Dan rekan setimnya yang cerdas itu secara diam-diam telah memahami perannya pada saat ini.
Saat berada di Ruang Angkasa 407 sebelumnya, Leonard memperhatikan bahwa Camilla memiliki kemampuan luar biasa, yang diberikan oleh Tanda Iblis, untuk merasakan kehadiran monster dari jarak yang cukup jauh, lebih kuat daripada kebanyakan ahli kartu kutukan tingkat tinggi.
Dan di dalam labirin ini, kemampuan ini menjadi semakin penting.
Jika Leonard berpetualang sendirian, dia akan cukup yakin bisa menembus labirin tersebut.
Namun karena seseorang memicu alur cerita tersembunyi sebelum waktunya, mengganggu urutan pemecahan misteri, mereka saat ini kekurangan beberapa petunjuk penting.
Menemukan petunjuk di labirin tanpa bertemu dengan Para Pengejar Misterius akan membutuhkan sedikit keberuntungan.
Namun kini, dengan kehadiran Camilla, situasinya telah berubah drastis.
Kemampuan untuk merasakan keberadaan monster dari jarak jauh memungkinkan mereka menghindari banyak bahaya yang tidak perlu.
Sekalipun jangkauan penginderaan Camilla lebih kecil daripada Pengejar Misterius, dia tetap dapat mendeteksi bahaya jauh sebelumnya.
Hal itu akan memberi mereka kesempatan untuk melarikan diri.
Berdasarkan pengamatan Leonard, kecepatan pengejaran Para Pengejar Misterius tidak terlalu berlebihan.
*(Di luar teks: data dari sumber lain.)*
Arguments is_iso {C X Y} f.
Arguments is_zero_obj {C} Z.
Arguments rst_step {A R x y}.
Arguments rst_refl {A R x}.
Arguments rst_sym {A R x y}.
Arguments rst_trans {A R x} y {z}.
Arguments pts {C} f.
Arguments lab {C} f _.
Arguments cV {C M0 M1} b.
Arguments cE {C M0 M1} b.
Arguments csrc {C M0 M1} b _.
Arguments ctgt {C M0 M1} b _.
Arguments fiber {C M0 M1} b _.
Arguments height {C M0 M1} b _.
Arguments vin {C M0 M1} b _.
Arguments vfst {C M0 M1} b _.
Arguments vsnd {C M0 M1} b _.
Arguments vthk {C M0 M1} b _.
Arguments bdry0 {C M0 M1} b p.
Arguments bdry1 {C M0 M1} b q.
Arguments bdry0_iso {C M0 M1} b p e _.
Arguments bdry1_iso {C M0 M1} b q e _.
Arguments v_distinct {C M0 M1} b v.
Arguments v_incident {C M0 M1} b v.
Arguments v_only {C M0 M1} b v e _.
Arguments v_ses {C M0 M1} b v.
Arguments h_range {C M0 M1} b v.
Arguments h_incr {C M0 M1} b e.

Lemma PermutationP (T : eqType) (s t : seq T) : reflect (Permutation s t) (perm_eq s t).
Proof.
apply: (iffP idP) => [|st]; last first.
  elim: st => // [x s1 t1 _ p1 | x y s1 | s1 s2 s3 _ p12 _ p23].
  - by rewrite perm_cons.
  - by rewrite (perm_catCA [:: y] [:: x]).
  - exact: seq.perm_trans p23.
elim: s t => [|x s IH] t; first by rewrite perm_sym => /perm_nilP ->.
move=> pst; have xt : x \in t by rewrite -(perm_mem pst) mem_head.
case/splitPr: xt pst => t1 t2 pst; apply/Permutation_cons_app/IH.
by rewrite -(perm_cons x) (seq.perm_trans pst) // -cat1s perm_catCA.
Qed.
Selama mereka dapat melihat para pengejar sejak dini dan melakukan pelarian dengan kecepatan penuh yang telah dipersiapkan, peluang untuk lolos cukup signifikan.
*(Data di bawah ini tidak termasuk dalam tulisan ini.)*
(* Let $v>0$, $N\ge2$, and consider the Becker–Döring coagulation process $CP(N)$ with rates $\psi(1,1)=2v$, $\psi(i,1)=\psi(1,i)=iv$ for $i>1$, and $\psi(i,j)=0$ if $\min\{i,j\}>1$, started from $(N,0,\dots,0)$. Then its distribution is Gibbsian, $\mathbb P(X_N^{(\rho)}(t)=\eta)=N!\prod_{k=1}^N a_{k,N}(t)^{n_k}/n_k!$, with $$a_{k,N}(t)=\sum_{i=0}^k m_{i,k}\,e^{-i(N-1)vt},\qquad k=1,\dots,N,\ t\ge0,$$ where $m_{k-1,k}=0$ for $k\ge1$, $m_{k,k}=\dfrac{(-1)^{k-1}}{k(N-1)^{k-1}}$ for $k\ge1$, and $m_{i,k}=\dfrac{(-1)^i(k-1)!}{i!\,(N-1)^{k-1}(k-i)(k-i-2)!}$ for $0\le i\le k-2$. Equivalently the coefficients satisfy $m_{0,1}=0$, $m_{1,1}=1$, $m_{i,k}=-\frac{(k-1)m_{i-1,k-1}}{i(N-1)}$ for $1\le i\le k$, $k\ge2$, and $m_{0,k}=-\sum_{i=1}^k m_{i,k}$.
   Context: $CP(N)$ is the continuous-time Markov chain on partitions $\eta=(n_1,\dots,n_N)$ of $N$ ($n_k$ = number of clusters of size $k$, $\sum kn_k=N$) in which any two distinct clusters of sizes $i,j$ merge into one of size $i+j$ at rate $\psi(i,j)$; the transition $\eta\to\eta^{(i,j)}$ has rate $n_in_j\psi(i,j)$ for $i\ne j$ and $\frac{n_i(n_i-1)}2\psi(i,i)$ for $i=j$. These rates are of the form $\psi(i,j)=if(j)+jf(i)$ with $f(1)=v$, $f(i)=0$ for $i>1$. *)

From Stdlib Require Import Reals Arith Bool.
Open Scope R_scope.

Fixpoint sumR (n : nat) (f : nat -> R) : R :=
  match n with O => 0 | S m => sumR m f + f m end.
Fixpoint prodR (n : nat) (f : nat -> R) : R :=
  match n with O => 1 | S m => prodR m f * f m end.
Fixpoint sumN (n : nat) (f : nat -> nat) : nat :=
  match n with O => O | S m => (sumN m f + f m)%nat end.

(* A configuration eta : nat -> nat, eta k = n_k = number of clusters of size k. *)
Definition is_state (N : nat) (eta : nat -> nat) : Prop :=
  (forall k, (k = 0%nat \/ (N < k)%nat) -> eta k = 0%nat) /\
  sumN N (fun k => (S k * eta (S k))%nat) = N.

Definition init_state (N : nat) : nat -> nat :=
  fun k => if Nat.eqb k 1 then N else 0%nat.

Definition fBD (v : R) (k : nat) : R := if Nat.eqb k 1 then v else 0.
Definition psi (v : R) (i j : nat) : R := INR i * fBD v j + INR j * fBD v i.

Definition rate (v : R) (eta : nat -> nat) (i j : nat) : R :=
  if Nat.eqb i j then INR (eta i) * (INR (eta i) - 1) / 2 * psi v i i
  else INR (eta i) * INR (eta j) * psi v i j.

Definition add1 (eta : nat -> nat) (k : nat) : nat -> nat :=
  fun m => if Nat.eqb m k then S (eta m) else eta m.
Definition sub1 (eta : nat -> nat) (k : nat) : nat -> nat :=
  fun m => if Nat.eqb m k then Nat.pred (eta m) else eta m.

(* the configuration xi with xi^(i,j) = eta (valid when eta (i+j) >= 1) *)
Definition premerge (eta : nat -> nat) (i j : nat) : nat -> nat :=
  add1 (add1 (sub1 eta (i + j)%nat) i) j.

(* total jump rate out of eta: sum over unordered pairs 1 <= i <= j <= N *)
Definition out_rate (N : nat) (v : R) (eta : nat -> nat) : R :=
  sumR N (fun i' => sumR N (fun j' =>
    if Nat.leb i' j' then rate v eta (S i') (S j') else 0)).

Definition in_flow (N : nat) (v : R) (p : (nat -> nat) -> R) (eta : nat -> nat) : R :=
  sumR N (fun i' => sumR N (fun j' =>
    let i := S i' in let j := S j' in
    if (Nat.leb i j && Nat.leb (i + j)%nat N && Nat.leb 1 (eta (i + j)%nat))%bool
    then p (premerge eta i j) * rate v (premerge eta i j) i j else 0)).

Definition mcoef (N i k : nat) : R :=
  if Nat.eqb i k then (-1) ^ (k - 1) / (INR k * INR (N - 1) ^ (k - 1))
  else if Nat.eqb (S i) k then 0
  else (-1) ^ i * INR (fact (k - 1)) /
       (INR (fact i) * INR (N - 1) ^ (k - 1) * INR (k - i) * INR (fact (k - i - 2))).

Definition acoef (N : nat) (v : R) (k : nat) (t : R) : R :=
  sumR (S k) (fun i => mcoef N i k * exp (- INR i * INR (N - 1) * v * t)).

Definition gibbs (N : nat) (v : R) (t : R) (eta : nat -> nat) : R :=
  INR (fact N) * prodR N (fun k' =>
    acoef N v (S k') t ^ (eta (S k')) / INR (fact (eta (S k')))).

(* With x(t) = exp (-(N-1) v t) one has a_k(t) = A_k(x(t)) for polynomials A_k whose
   coefficient recursion reads A_(k+1)' = - k/(N-1) A_k, with A_1(y) = y; integrating gives
   A_k(y) = (1-y)^(k-1) (k-1+y) / (k (N-1)^(k-1)), so A_k(1) = 0 for k >= 2.  Hence the a_k
   solve the Becker-Doring system a_1' = -(N-1) v a_1, a_k' = (k-1) v a_1 a_(k-1) with
   a_k(0) = [k = 1], and differentiating the product formula shows that the Gibbs
   distribution solves the master equation with the initial law of p.  Since only monomers
   coagulate, the inflow into a state comes from states with one more cluster; so, by
   downward induction on the number of clusters, the difference between p and the Gibbs
   distribution at a state solves q' = - c q, q(0) = 0, and vanishes. *)
From Stdlib Require Import Reals Arith Lia Lra Classical FunctionalExtensionality.
From Coquelicot Require Import Coquelicot.
Open Scope R_scope.

Lemma sumR_ext n f g : (forall k, (k < n)%nat -> f k = g k) -> sumR n f = sumR n g.
Proof.
  induction n as [|n IH]; intros H; simpl; auto.
  rewrite IH by (intros; apply H; lia). rewrite H by lia. reflexivity.
Qed.

Lemma sumR_eq0 n f : (forall k, (k < n)%nat -> f k = 0) -> sumR n f = 0.
Proof.
  induction n as [|n IH]; intros H; simpl; auto.
  rewrite IH by (intros; apply H; lia). rewrite H by lia. ring.
Qed.

Lemma sumR_scal n c f : sumR n (fun i => c * f i) = c * sumR n f.
Proof. induction n as [|n IH]; simpl; [|rewrite IH]; ring. Qed.

Lemma sumR_succ_l n f : sumR (S n) f = f O + sumR n (fun i => f (S i)).
Proof. induction n as [|n IH]; simpl in *; [|rewrite IH]; ring. Qed.

Lemma sumR_first n f : (1 <= n)%nat -> sumR n f = f O + sumR (n - 1) (fun i => f (S i)).
Proof. intros hn. destruct n; [lia|]. rewrite sumR_succ_l, Nat.sub_1_r. reflexivity. Qed.

Lemma prodR_ext n f g : (forall k, (k < n)%nat -> f k = g k) -> prodR n f = prodR n g.
Proof.
  induction n as [|n IH]; intros H; simpl; auto.
  rewrite IH by (intros; apply H; lia). rewrite H by lia. reflexivity.
Qed.

Lemma prodR_update_scal n k c x f : (k < n)%nat ->
  prodR n (fun j => if j =? k then c * x else f j) =
  c * prodR n (fun j => if j =? k then x else f j).
Proof.
  induction n as [|n IH]; intros hk; [lia|]. simpl.
  destruct (Nat.eq_dec k n) as [->|ne].
  - rewrite Nat.eqb_refl.
    assert (Hf : forall y, prodR n (fun j => if j =? n then y else f j) = prodR n f).
    { intros y. apply prodR_ext. intros j hj. rewrite (proj2 (Nat.eqb_neq j n)) by lia. reflexivity. }
    rewrite !Hf. ring.
  - rewrite IH, (proj2 (Nat.eqb_neq n k)) by lia. ring.
Qed.

Lemma sumN_ext n f g : (forall k, (k < n)%nat -> f k = g k) -> sumN n f = sumN n g.
Proof.
  induction n as [|n IH]; intros H; simpl; auto.
  rewrite IH by (intros; apply H; lia). rewrite H by lia. reflexivity.
Qed.

Lemma sumN_eq0 n f : (forall k, (k < n)%nat -> f k = O) -> sumN n f = O.
Proof.
  induction n as [|n IH]; intros H; simpl; auto.
  rewrite IH by (intros; apply H; lia). rewrite H by lia. reflexivity.
Qed.

Lemma sumN_succ_l n f : sumN (S n) f = (f O + sumN n (fun i => f (S i)))%nat.
Proof. induction n as [|n IH]; simpl in *; [|rewrite IH]; lia. Qed.

Lemma sumN_first n f : (1 <= n)%nat -> sumN n f = (f O + sumN (n - 1) (fun i => f (S i)))%nat.
Proof. intros hn. destruct n; [lia|]. rewrite sumN_succ_l, Nat.sub_1_r. reflexivity. Qed.

Lemma sumN_le n f g : (forall k, (f k <= g k)%nat) -> (sumN n f <= sumN n g)%nat.
Proof. induction n as [|n IH]; simpl; intros H; auto. specialize (IH H). specialize (H n). lia. Qed.

Lemma INR_sumN n f : INR (sumN n f) = sumR n (fun i => INR (f i)).
Proof. induction n as [|n IH]; simpl; auto. rewrite plus_INR, IH. reflexivity. Qed.

Lemma derivable_pt_lim_ext f g x l :
  (forall y, f y = g y) -> derivable_pt_lim f x l -> derivable_pt_lim g x l.
Proof. intros H. replace g with f; auto. apply functional_extensionality; auto. Qed.

Lemma derivable_pt_lim_polynomial n c y :
  derivable_pt_lim (fun y => sumR n (fun i => c i * y ^ i)) y
    (sumR n (fun i => c i * (INR i * y ^ pred i))).
Proof.
  induction n as [|n IH]; simpl.
  - apply derivable_pt_lim_const.
  - apply (derivable_pt_lim_plus _ (fun y => c n * y ^ n)); auto.
    apply (derivable_pt_lim_scal (fun y => y ^ n)), derivable_pt_lim_pow.
Qed.

Lemma derivable_pt_lim_prodR n (F : nat -> R -> R) (d : nat -> R) t :
  (forall j, (j < n)%nat -> derivable_pt_lim (F j) t (d j)) ->
  derivable_pt_lim (fun s => prodR n (fun j => F j s)) t
    (sumR n (fun k => prodR n (fun j => if j =? k then d j else F j t))).
Proof.
  induction n as [|n IH]; intros HF; simpl.
  - apply derivable_pt_lim_const.
  - assert (Hn : prodR n (fun j => if j =? n then d j else F j t) = prodR n (fun j => F j t)).
    { apply prodR_ext. intros j hj. rewrite (proj2 (Nat.eqb_neq j n)) by lia. reflexivity. }
    rewrite Nat.eqb_refl, Hn.
    replace (sumR n _) with (sumR n (fun k => prodR n (fun j => if j =? k then d j else F j t)) * F n t).
    + apply (derivable_pt_lim_mult (fun s => prodR n (fun j => F j s)) (F n)).
      * apply IH. intros j hj. apply HF. lia.
      * apply HF. lia.
    + rewrite Rmult_comm, <- sumR_scal. apply sumR_ext. intros k hk.
      rewrite (proj2 (Nat.eqb_neq n k)) by lia. ring.
Qed.

Definition right_continuous_at0 (f : R -> R) : Prop :=
  forall eps, 0 < eps -> exists delta, 0 < delta /\
    forall s, 0 <= s < delta -> Rabs (f s - f 0) < eps.

Lemma continuity_pt_right_continuous_at0 f : continuity_pt f 0 -> right_continuous_at0 f.
Proof.
  intros Hc eps heps.
  destruct (Hc eps heps) as [delta [hdelta Hd]].
  exists delta. split; auto. intros s hs.
  destruct (Req_dec s 0) as [->|ns].
  - rewrite Rminus_diag, Rabs_R0. exact heps.
  - apply Hd. split; [split; [exact I|auto]|].
    simpl. unfold Rdist. rewrite Rminus_0_r, Rabs_pos_eq; lra.
Qed.

Lemma right_continuous_at0_minus f g :
  right_continuous_at0 f -> right_continuous_at0 g -> right_continuous_at0 (fun s => f s - g s).
Proof.
  intros Hf Hg eps heps.
  destruct (Hf (eps / 2)) as [d1 [hd1 Hd1]]; [lra|].
  destruct (Hg (eps / 2)) as [d2 [hd2 Hd2]]; [lra|].
  exists (Rmin d1 d2). split; [apply Rmin_glb_lt; auto|].
  intros s hs.
  assert (s < d1) by (apply Rlt_le_trans with (Rmin d1 d2); [lra|apply Rmin_l]).
  assert (s < d2) by (apply Rlt_le_trans with (Rmin d1 d2); [lra|apply Rmin_r]).
  specialize (Hd1 s ltac:(lra)). specialize (Hd2 s ltac:(lra)).
  replace (f s - g s - (f 0 - g 0)) with ((f s - f 0) + - (g s - g 0)) by ring.
  eapply Rle_lt_trans; [apply Rabs_triang|]. rewrite Rabs_Ropp. lra.
Qed.

Section LinearODE.
Variables (q : R -> R) (c : R).
Hypothesis Hq : forall t, 0 < t -> derivable_pt_lim q t (- c * q t).

(* [q s * exp (c * s)] has zero derivative. *)
Lemma linear_ode_shift s t : 0 < s < t -> q t = q s * exp (c * (s - t)).
Proof.
  intros hs.
  destruct (MVT_cor2 (fun s => q s * exp (c * s)) (fun _ => 0) s t ltac:(lra)) as [z [Hz _]].
  - intros z hz.
    apply (derivable_pt_lim_ext (mult_fct q (fun s => exp (c * s)))); [reflexivity|].
    replace 0 with (- c * q z * exp (c * z) + q z * (c * exp (c * z))) by ring.
    apply (derivable_pt_lim_mult q (fun s => exp (c * s))); [apply Hq; lra|].
    apply (is_derive_Reals (fun s => exp (c * s))). auto_derive; auto. ring.
  - replace (c * (s - t)) with (c * s + - (c * t)) by ring.
    rewrite exp_plus, exp_Ropp.
    apply (Rmult_eq_reg_r (exp (c * t))); [|apply Rgt_not_eq, exp_pos].
    field_simplify; [|apply Rgt_not_eq, exp_pos]. lra.
Qed.

Lemma linear_ode_bound s t : 0 < s < t -> Rabs (q t) <= Rabs (q s) * exp (Rabs c * t).
Proof.
  intros hs. rewrite (linear_ode_shift s t hs), Rabs_mult, (Rabs_pos_eq (exp _))
    by (left; apply exp_pos).
  apply Rmult_le_compat_l; [apply Rabs_pos|].
  assert (Hle : c * (s - t) <= Rabs c * t).
  { apply Rle_trans with (Rabs (c * (s - t))); [apply Rle_abs|].
    rewrite Rabs_mult, Rabs_minus_sym, (Rabs_pos_eq (t - s)) by lra.
    apply Rmult_le_compat_l; [apply Rabs_pos|lra]. }
  destruct Hle as [Hlt|Heq]; [left; apply exp_increasing, Hlt|rewrite Heq; right; reflexivity].
Qed.

Lemma linear_ode_unique : right_continuous_at0 q -> q 0 = 0 -> forall t, 0 <= t -> q t = 0.
Proof.
  intros Hcont H0 t ht.
  destruct (Req_dec t 0) as [->|nt]; auto.
  destruct (Req_dec (q t) 0) as [|Hnz]; auto. exfalso.
  set (K := exp (Rabs c * t)).
  assert (HK : 0 < K) by apply exp_pos.
  destruct (Hcont (Rabs (q t) / K)) as [delta [hdelta Hd]].
  { apply Rdiv_lt_0_compat; auto. apply Rabs_pos_lt; auto. }
  set (s := Rmin (delta / 2) (t / 2)).
  assert (Hs : 0 < s < t /\ s < delta).
  { unfold s. repeat split.
    - apply Rmin_glb_lt; lra.
    - apply Rle_lt_trans with (t / 2); [apply Rmin_r|lra].
    - apply Rle_lt_trans with (delta / 2); [apply Rmin_l|lra]. }
  specialize (Hd s ltac:(lra)). rewrite H0, Rminus_0_r in Hd.
  pose proof (linear_ode_bound s t ltac:(lra)) as Hbound. fold K in Hbound.
  assert (Rabs (q s) * K < Rabs (q t) / K * K) by (apply Rmult_lt_compat_r; auto).
  replace (Rabs (q t) / K * K) with (Rabs (q t)) in H by (field; lra).
  lra.
Qed.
Selain itu, dengan daya ingat fotografis Leonard, sangat kecil kemungkinannya dia akan melakukan kesalahan sepele seperti menemui jalan buntu.
Dengan cara ini, selama mereka tidak bertemu dengan Pengejar Misterius, peluang bertahan hidup di labirin yang semula diperkirakan sembilan dari sepuluh kali akan gagal, langsung berkurang menjadi sekitar dua puluh persen.
Dengan waktu yang tersisa, mereka sekarang dapat fokus untuk memecahkan labirin tersebut.